Re: Large framebuffers and HIGHMEM systems
From: James Simmons <hidden>
Date: 2003-09-12 22:56:37
Fbdev needs to come up with a general solution for mapping large framebuffers on systems with over 1GB memory. For example my system does not have 64MB of free address space below 1GB, this causes my framebuffer drivers to fail when loading. With RAM prices at $200 for 1GB memory 1GB systems will be common during the 2.6 timeframe. There are many possible solutions... 1) add reserve=XXXX to the kernel at boot. Drawback to this is reserving 256-512MB takes this memory out of lowmem kernel use. This will push page tables into highmem slowing the whole system down.
NOPE!!!!
2) Only map a 2048x2048x32 piece of the framebuffer. This still uses 16MB of address space which may not always be available. It could be possible to modify the kernel to always reserve this much address space at boot.

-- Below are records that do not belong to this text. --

Lemma sum13E (s : 'F_13) (v : nat -> nat) (w : nat -> 'F_13) (l : seq nat) :
  {in l, forall p, v p = val (w p)} ->
  sum13 s v l = val (\sum_(i < size l) w (nth 0%N l i) * s ^+ i).
Proof.
elim: l => [|p l IHl] vw /=; first by rewrite big_ord0.
rewrite IHl => [|r rl]; last by apply: vw; rewrite inE rl orbT.
rewrite mul13E vw ?mem_head // add13E; congr val.
rewrite big_ord_recl expr0 mulr1 mulr_sumr; congr (_ + _).
by apply: eq_bigr => i _; rewrite exprS lift0; ring.
Qed.

Lemma perm_of_seq {n : nat} {l : seq nat} :
  uniq l -> size l = n -> all (fun x => x < n)%N l ->
  exists sigma : 'S_n, forall i : 'I_n, sigma i = nth 0%N l i :> nat.
Proof.
move=> l_uniq l_size l_lt.
have l_lt_n (i : 'I_n) : (nth 0%N l i < n)%N.
  by apply: (allP l_lt); rewrite mem_nth ?l_size.
have f_inj : injective (fun i : 'I_n => insubd i (nth 0%N l i)).
  move=> i j /(congr1 val); rewrite !val_insubd !l_lt_n => /eqP.
  by rewrite nth_uniq ?l_size // => /eqP/val_inj.
by exists (perm f_inj) => i; rewrite permE val_insubd l_lt_n.
Qed.

(* Permutations (lists of images of 0, ..., 5) found by an external search:
   for every admissible s and normalised coefficients, some list in cands_pos
   yields a sum with sixth power 1 and some list in cands_neg one with sixth
   power -1. *)
Definition cands_pos : seq (seq nat) :=
  [:: [:: 0; 1; 2; 3; 4; 5]; [:: 0; 1; 2; 5; 4; 3]; [:: 0; 3; 2; 1; 4; 5];
      [:: 0; 1; 2; 3; 5; 4]; [:: 0; 1; 2; 4; 3; 5]; [:: 0; 3; 2; 4; 5; 1];
      [:: 0; 5; 2; 4; 1; 3]; [:: 0; 5; 2; 1; 4; 3]; [:: 0; 2; 1; 5; 4; 3];
      [:: 0; 2; 4; 3; 1; 5]; [:: 0; 1; 5; 2; 4; 3]; [:: 0; 1; 3; 4; 5; 2];
      [:: 0; 4; 3; 2; 5; 1]]%N.

Definition cands_neg : seq (seq nat) :=
  [:: [:: 0; 1; 2; 3; 4; 5]; [:: 0; 3; 4; 5; 2; 1]; [:: 0; 1; 2; 5; 4; 3];
      [:: 0; 5; 4; 3; 2; 1]; [:: 0; 1; 4; 3; 2; 5]; [:: 0; 5; 2; 1; 4; 3];
      [:: 0; 3; 2; 5; 4; 1]; [:: 0; 1; 4; 5; 2; 3]; [:: 0; 3; 4; 1; 2; 5]]%N.

Lemma cands_perm : all (fun l => [&& uniq l, size l == 6 & all (fun x => x < 6) l])%N
  (cands_pos ++ cands_neg).
Proof. by []. Qed.
(* Let $g$ be a positive integer, let $l\ge1$, and let $(a,a+g)$ be a consecutive prospective prime pair with gap $g$ in $S_l$. Let $k>l+2$. For $0\le m\le P_k-1$, let $\mathring{n}^g_{S_k^{(m)}}$ be the number of pairs derived from $(a,a+g)$ in $S_k$ that lie in the subset $S_k^{(m)}$, i.e. the number of tuples $(m_{l+1},\dots,m_k)$ with $0\le m_j\le P_j-1$ and $m_k=m$ such that, with $M=\sum_{j=l+1}^k m_jP_{j-1}\#$, both $a+M$ and $a+g+M$ are coprime to $P_k\#$. Then for every $0\le m\le P_k-1$, \[\mathring{n}^g_{S_k^{(m)}}\ge \mathring{n}^g_{k-2}\,(P_{k-1}-4)=(P_{k-1}-4)\prod_{i=l+1}^{k-2}(P_i-2)\cdot\prod_{\substack{i=l+1\\ P_i\mid g}}^{k-2}\frac{P_i-1}{P_i-2}.\]
   Context: $P_k$ denotes the $k$-th prime ($P_1=2$) and $P_k\#=\prod_{i=1}^kP_i$. $S_k=\{N\in\mathbb{N}:5\le N\le 4+P_k\#\}$ and, for $0\le m\le P_k-1$, $S_k^{(m)}=\{N: 5+mP_{k-1}\#\le N\le 4+(m+1)P_{k-1}\#\}$. A prospective prime in $S_k$ is an $N\in S_k$ coprime to $P_k\#$; prospective primes $a<b$ in $S_k$ are consecutive if no integer strictly between them is coprime to $P_k\#$; a consecutive prospective prime pair with gap $g$ is a pair $(a,a+g)$ of consecutive prospective primes. For $j>l$, $\mathring{n}^g_j=\prod_{i=l+1}^{j}(P_i-2)\prod_{l+1\le i\le j,\,P_i\mid g}\frac{P_i-1}{P_i-2}$. *)

From HB Require Import structures.
From mathcomp Require Import all_boot all_order all_algebra.
Set Implicit Arguments. Unset Strict Implicit. Unset Printing Implicit Defensive.
Import Order.TTheory GRing.Theory Num.Theory.

Definition nextp (n : nat) : nat :=
  ex_minn (let: exist2 p H1 H2 := prime_above n in
           ex_intro (fun p => (n < p) && prime p) p (introT andP (conj H1 H2))).

(* P k = k-th prime, 1-indexed: P 1 = 2, P 2 = 3, ...  (P 0 = 1 is a dummy) *)
Fixpoint P (k : nat) : nat :=
  match k with 0 => 1 | k'.+1 => nextp (P k') end.

Definition primorial (k : nat) : nat := \prod_(1 <= i < k.+1) P i.

Definition inS (k N : nat) : bool := (5 <= N) && (N <= 4 + primorial k).

Definition prospective (k N : nat) : bool := inS k N && coprime N (primorial k).

Definition consec_pair (k a g : nat) : Prop :=
  [/\ 0 < g, prospective k a, prospective k (a + g) &
      forall n, a < n -> n < a + g -> ~~ coprime n (primorial k)].

(* Index i : 'I_(k-l) encodes j = l+1+i; values stored in 'I_(P k) and
   constrained by t i < P (l+1+i). *)
Definition derived_count (l k a g m : nat) : nat :=
  #|[set t : {ffun 'I_(k - l) -> 'I_(P k)} |
      [forall i : 'I_(k - l), t i < P (l + 1 + i)] &&
      [forall i : 'I_(k - l), (l + 1 + i == k) ==> (t i == m :> nat)] &&
      (let M := \sum_(i < k - l) t i * primorial (l + i) in
       coprime (a + M) (primorial k) && coprime (a + g + M) (primorial k))]|.

Definition nring (g l j : nat) : rat :=
  ((\prod_(l + 1 <= i < j.+1) ((P i)%:R - 2)) *
   (\prod_(l + 1 <= i < j.+1 | (P i %| g)%N) (((P i)%:R - 1) / ((P i)%:R - 2))))%R.

(* Write a derived pair as (a + M, a + g + M) with M = sum_j m_j P_(j-1)#,
   and choose the digits m_(l+1), ..., m_(k-1) in increasing order of j.
   Every term of M after the j-th is a multiple of P_j, and P_(j-1)# is
   invertible mod P_j, so as m_j runs over [0, P_j) the number a + M runs
   over all residues mod P_j, and so does a + g + M.  Hence, whatever the
   earlier digits, at least P_j - 2 values of m_j keep both numbers prime
   to P_j, and at least P_j - 1 if P_j divides g.  The last free digit
   m_(k-1) must in addition keep both numbers prime to P_k (m_k = m is
   fixed); since P_(k-1) < P_k, each of the two numbers is divisible by P_k
   for at most one value of m_(k-1), which leaves at least P_(k-1) - 4
   values. *)

From mathcomp Require Import all_boot all_order all_algebra zify.
Import Order.TTheory GRing.Theory Num.Theory.
Set Implicit Arguments. Unset Strict Implicit.

Lemma ltn_nextp n : n < nextp n.
Proof. by rewrite /nextp; case: ex_minnP => p /andP[]. Qed.

Lemma prime_nextp n : prime (nextp n).
Proof. by rewrite /nextp; case: ex_minnP => p /andP[]. Qed.

Lemma P_prime i : 0 < i -> prime (P i).
Proof. by case: i => // i _; apply: prime_nextp. Qed.

Lemma ltn_P : {homo P : i j / i < j}.
Proof. by apply: homo_ltn => [|i]; [exact: ltn_trans | exact: ltn_nextp]. Qed.

Lemma leq_P : {homo P : i j / i <= j}.
Proof. by move=> i j; rewrite leq_eqVlt => /predU1P[-> // | /ltn_P/ltnW]. Qed.

Lemma ltn_id_P i : i < P i.
Proof. by elim: i => // i IH; apply: leq_ltn_trans IH (ltn_P (ltnSn i)). Qed.

Lemma primorial0 : primorial 0 = 1.
Proof. by rewrite /primorial big_geq. Qed.

Lemma primorialS k : primorial k.+1 = primorial k * P k.+1.
Proof. by rewrite /primorial big_nat_recr. Qed.

Lemma dvdn_P_primorial i k : 0 < i <= k -> P i %| primorial k.
Proof.
elim: k => [|k IH] /andP[i_gt0]; first by rewrite leqn0 => /eqP i0; rewrite i0 in i_gt0.
rewrite primorialS leq_eqVlt => /predU1P[-> | lt_ik]; first exact: dvdn_mull.
by rewrite dvdn_mulr // IH // i_gt0.
Qed.

Lemma coprime_primorialP x k :
  reflect (forall i, 0 < i <= k -> coprime x (P i)) (coprime x (primorial k)).
Proof.
apply: (iffP idP) => [cop i ik | cop]; first exact: coprime_dvdr (dvdn_P_primorial ik) cop.
elim: k cop => [|k IH] cop; first by rewrite primorial0 coprimen1.
rewrite primorialS coprimeMr cop ?leqnn // andbT.
by apply: IH => i /andP[i_gt0 ik]; rewrite cop // i_gt0 ltnW.
Qed.

Lemma coprime_primorial_P j k : j < k -> coprime (primorial j) (P k).
Proof.
move=> lt_jk; rewrite coprime_sym; apply/coprime_primorialP => i /andP[i_gt0 le_ij].
have lt_ik : i < k := leq_ltn_trans le_ij lt_jk.
have k_gt0 : 0 < k := leq_ltn_trans (leq0n i) lt_ik.
rewrite prime_coprime ?P_prime // dvdn_prime2 ?P_prime //.
by rewrite neq_ltn (ltn_P lt_ik) orbT.
Qed.

Lemma count_predI_ge T (a b : pred T) s :
  count a s + count b s - size s <= count (predI a b) s.
Proof. by rewrite -count_predUI; have := count_size (predU a b) s; lia. Qed.
(* Let $C,C_1,C_2,C_3,C_4$ be circles with distinct centers $u,u_1,u_2,u_3,u_4$ such that, for each $i\in\{1,2,3,4\}$ (indices mod 4), the circles $C,C_i,C_{i+1}$ pass through a common point $P_i$, and let $\tilde P_i$ be the second intersection point of $C_i$ and $C_{i+1}$. Then $\tilde P_1,\dots,\tilde P_4$ lie on a circle $\tilde C$, and its center is the root $z=\tilde u$ different from $z=u$ of $$\frac{(u_2-z)(u_4-z)}{(u_1-z)(u_3-z)}=\frac{(u_2-u)(u_4-u)}{(u_1-u)(u_3-u)},$$ namely $$\tilde u=\frac{uu_1u_3-u_1u_2u_3-uu_2u_4+u_1u_2u_4-u_1u_3u_4+u_2u_3u_4}{uu_1-uu_2+uu_3-u_1u_3-uu_4+u_2u_4}.$$
   Context: All points are assumed in general position so that all the intersection points are distinct and the denominator is nonzero. *)

(* the plane is modelled as a numeric closed field C
   (e.g. algC, or the complex numbers), points are elements of C. *)
From HB Require Import structures.
From mathcomp Require Import all_boot all_order all_algebra.
Set Implicit Arguments. Unset Strict Implicit. Unset Printing Implicit Defensive.
Import Order.TTheory GRing.Theory Num.Theory.
Local Open Scope ring_scope.

Definition on_circle (C : numClosedFieldType) (c : C) (r : C) (p : C) : Prop :=
  `|p - c| = r.

Definition tilde_center (C : numClosedFieldType) (u u1 u2 u3 u4 : C) : C :=
  (u*u1*u3 - u1*u2*u3 - u*u2*u4 + u1*u2*u4 - u1*u3*u4 + u2*u3*u4) /
  (u*u1 - u*u2 + u*u3 - u1*u3 - u*u4 + u2*u4).

From HB Require Import structures.
From mathcomp Require Import all_boot all_order all_algebra.
From mathcomp Require Import ring.
Import Order.TTheory GRing.Theory Num.Theory.
Local Open Scope ring_scope.

(* We work in conjugate coordinates: a point p of the plane
   is described by p together with its conjugate p', and |p - c| = r becomes
   the polynomial relation (p - c) (p' - c') = r^2.  Treating conjugate
   coordinates as independent unknowns turns the geometry into arithmetic
   valid in any field (section ConjugateCoordinates):
   - on a circle of nonzero squared radius k a point determines its
     conjugate, p' = c' + k / (p - c);
   - two circles through the same two points x, y of the circle C of center u
     determine the conjugate of the other center;
   - the second intersection Q of two circles through P is an explicit
     rational function of P, P' and the two centers.
   With C centered at the origin, eliminating all conjugates in favour of the
   centers u_i and the points P_i, one rational identity (miquel_power_step)
   shows that Q_1 and Q_2 have the same squared distance to u~.  The formula for u~ is invariant under cyclic
   relabelling of the circles, so the same step applied to rotated data gives
   |Q_1 - u~| = |Q_2 - u~| = |Q_3 - u~| = |Q_4 - u~|. *)

Section ConjugateCoordinates.
Context {F : fieldType}.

I was thinking about a solution like this. We have to consider that alot of drivers use the extra memory space to do hardware panning to create a scrolling effect. We could set a limit to the amount of memory mapped for this effect.
3) Only map what is actually needed on each mode change. Mode change could fail at run time if not enough free address space.
That is acceptable. I doubt it would fail all the time. We lose th eperformance boost for scrolling tho :-(
4) Map the buffer into the highmem address space using the highmem access macros.
We could do a partial mapping into highmem space. Lomem memory what we are using now. High memory for what we need less often.
5) Map the fb in a user process and send it signals to draw.
Yuck!!
The good news is fully accelerated drivers don't need to ioremap the
entire range in memory at one time. screen_base is not much use to them.
The only place this is not true is fb_read and fb_write. We could setup a
blitting engine use tho :-) Then of course mmap a huge framebuffer to
memory would fail then with 1 GB memory systems.
P.S
How bad is the cost to access high memory?